Compound	Peak (°C)	Onset (°C)
GdCr3(BO3)4	1327	1312
TbCr3(BO3)4	1321	1303
DyCr3(BO3)4	1311	1298
HoCr3(BO3)4	1331	1302
ErCr3(BO3)4	1343	1263
HoCr(BO3)2	1347	1333
ErCr(BO3)2	1379	1366
TmCr(BO3)2	1402	1391
YbCr(BO3)2	1424	1413
LuCr(BO3)2	>1500	1448

). In the second case, the picture was more complicated. The coexistence of two borates, LnCr₃(BO₃)₄ and LnCr(BO₃)₂, was found for the Ln₂O₃:3Cr₂O₃:4B₂O₃ (Ln = Ho, Er) and Ln₂O₃:Cr₂O₃:2B₂O₃ (Ln = Ho, Er) compositions (Section 3.1). Thus, the two peaks on the DSC curve were explained by the alternate melting of these two compounds. Table 7 shows that the melting point of the LnCr₃(BO₃)₄ (Ln = Gd–Dy) borates gradually decreased as the atomic number of the rare-earth element in these compounds increased. At the same time, the melting point of the LnCr(BO₃)₂ (Ln = Tm–Lu) borates increased. Based on this, we attributed the low-temperature peak in the DSC curves to LnCr₃(BO₃)₄ (Ln = Ho, Er), and we attributed the high-temperature peak to LnCr(BO₃)₂ (Ln = Ho, Er).
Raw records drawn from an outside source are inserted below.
Lemma s0_descent r m (pi : Grn r m.+1) : 0 < val (pi.2 ord0) ->
  exists pi',
    pi = gmul pi' (s0 r m.+1) /\ (word_len (gword pi')).+1 = word_len (gword pi).
Proof.
move=> col_pos.
set pi' := (pi.1, [ffun i : 'I_m.+1 => if val i == 0 then (pi.2 i - Zp1)%R else pi.2 i]).
have pi_s0 : pi = gmul pi' (s0 r m.+1).
  case: pi col_pos @pi' => s z _ /=; rewrite /gmul /= mul1g; congr (_, _).
  by apply/ffunP => i; rewrite !ffunE perm1; case: ifP => _; rewrite ?add0r // addrC subrK.
have col' : pi'.2 ord0 = (pi.2 ord0 - Zp1)%R by rewrite ffunE.
exists pi'; split=> //; have := word_len_mul_s0 pi'.
rewrite -pi_s0 col' [(Zp1 + _)%R]addrC subrK val_subr_Zp1 //; lia.
Qed.

Definition ascent : rel (nat * nat) := fun a b => pair_len a b <= pair_len b a.

Lemma ascent_uncolored a b : a.2 = 0 -> a.1 != b.1 -> ascent a b ->
  a.1 < b.1 /\ b.2 = 0.
Proof.
move: a b => [u e] [v f] /= -> ne_uv; rewrite /ascent /pair_len /= ltnn andbF.
have [lt_vu | le_uv] := ltnP v u.
  by have := ltnW lt_vu; rewrite leqNgt => /negbTE ->.
have lt_uv : u < v by rewrite ltn_neqAle ne_uv.
by rewrite lt_uv; case: f.
Qed.

Lemma ascending_word w : uniq (map fst w) -> (head (0, 0) w).2 = 0 ->
  sorted ascent w ->
  sorted ltn (map fst w) /\ w = [seq (k, 0) | k <- map fst w].
Proof.
case: w => [|x w] //=; elim: w x => [|y w IH] [u e] /=.
  by move=> _ ->.
move=> /and3P[/norP[ne_uy _] y_w uniq_w] e0 /andP[xy path_w]; rewrite e0 in xy *.
have [lt_uy y2] := ascent_uncolored (a := (u, 0)) erefl ne_uy xy.
have [|path_fst e_w] := IH y _ y2 path_w; first by rewrite /= y_w.
by rewrite lt_uy path_fst -e_w.
Qed.

Lemma ascending_gword_gone r n (pi : Grn r n) : (head (0, 0) (gword pi)).2 = 0 ->
  sorted ascent (gword pi) -> pi = gone r n.
Proof.
move=> head0 sorted_pi; apply: gword_inj; rewrite gword_gone.
have perm_pi := perm_gword_values pi.
have uniq_pi : uniq (map fst (gword pi)) by rewrite (perm_uniq perm_pi) iota_uniq.
have [ltn_pi ->] := ascending_word uniq_pi head0 sorted_pi.
congr map; apply: (irr_sorted_eq ltn_trans ltnn) ltn_pi (iota_ltn_sorted 1 n) _.
exact: perm_mem.
Qed.

Lemma word_len_descent r n (pi : Grn r n) : pi = gone r n \/
  exists g pi',
    [/\ is_gen g, pi = gmul pi' g & (word_len (gword pi')).+1 = word_len (gword pi)].
Proof.
have [head0 | head_pos] := posnP (head (0, 0) (gword pi)).2; last first.
  case: n pi head_pos => [|m] pi; first by rewrite gwordE enum_ord0.
  rewrite {1}gwordE enum_ordSl => /s0_descent[pi' [-> len_pi']].
  by right; exists (s0 r m.+1), pi'; rewrite /is_gen eqxx.
have [asc | /forallPn[i /forallPn[j]]] :=
  boolP [forall i : 'I_n, forall j : 'I_n,
           (val j == (val i).+1) ==> ascent (gletter pi i) (gletter pi j)].
  left; apply: ascending_gword_gone head0 _; apply/(sortedP (0, 0)) => k.
  rewrite size_gword => lt_k1; have lt_k : k < n by apply: ltnW.
  have /forallP/(_ (Ordinal lt_k))/forallP/(_ (Ordinal lt_k1)) := asc.
  by rewrite eqxx (nth_gword pi (Ordinal lt_k)) (nth_gword pi (Ordinal lt_k1)).
rewrite negb_imply /ascent -ltnNge => /andP[/eqP ij lt_ji].
right; exists (gswap r i j), (gmul pi (gswap r i j)).
split; [exact: is_gen_gswap | by rewrite gmulA gswapK gmulg1 |].
move: lt_ji; have := word_len_mul_gswap pi ij.
have := pair_len_swap_le (gletter pi j) (gletter pi i); lia.
Qed.

Theorem lemma3p1 (r n : nat) (hr : 0 < r) (pi : Grn r n) :
  length_is pi
    (\sum_(i < n)
       let c := (nth (0, 0) (acode pi) i).1 in
       let e := (nth (0, 0) (acode pi) i).2 in
       (i.+1 - c + (0 < e) * (2 * (c - 1) + e))).
Proof.
rewrite acode_formula; apply: (length_is_stat (stat := fun pi => word_len (gword pi))).
- by rewrite gword_gone word_len_sorted0 ?iota_ltn_sorted.
- exact: word_len_mul_gen.
- exact: word_len_descent.
Qed.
In this case, we were guided by the peak value of the melting temperature, since, in our opinion, it reflected it better (there was a very wide peak for the ErCr₃(BO₃)₄ borate, which was possibly due to the polycrystalline nature of the samples).

According to DSC and PXRD data (Section 3.1), the thermally induced processes can be illustrated with the following reactions:

2LnCr₃(BO₃)₄ → 2LnBO₃ + 3Cr₂O₃ + 3B₂O₃ (Ln = Gd–Dy) (1310–1330 °C)

(13)

4LnCr₃(BO₃)₄ → 2LnCr(BO₃)₂ + 2LnBO₃ + 5Cr₂O₃ + 5B₂O₃ (Ln = Ho–Er) (1320–1330 °C)

(14)

2LnCr(BO₃)₂ → 2LnBO₃ + Cr₂O₃ + B₂O₃ (Ln = Ho–Lu) (1330–1450 °C)

(15)

4. Conclusions

The Ln₂O₃–Cr₂O₃–B₂O₃ (Ln = Gd–Lu) ternary oxide systems were studied with PXRD. In these systems, it was found that the LnCr₃(BO₃)₄ borates were stable up to Ln = Er, after which LnCr(BO₃)₂ borates crystallized. It was established that LnCr₃(BO₃)₄ borates crystallized in rhombohedral (α-LnCr₃(BO₃)₄) and monoclinic (β-LnCr₃(BO₃)₄) polytype modifications. The latter prevailed at temperatures above 1100 °C. The melting points of LnCr₃(BO₃)₄ (Ln = Gd–Er) were slightly higher than those for LnAl₃(BO₃)₄ (Ln = Gd–Er). They increased with a decrease in the ionic radius of rare-earth ions for LnCr(BO₃)₂ (Ln = Ho–Lu) borates, while for LnCr₃(BO₃)₄ (Ln = Gd–Er) borates, they decreased to Ln = Dy and then increased.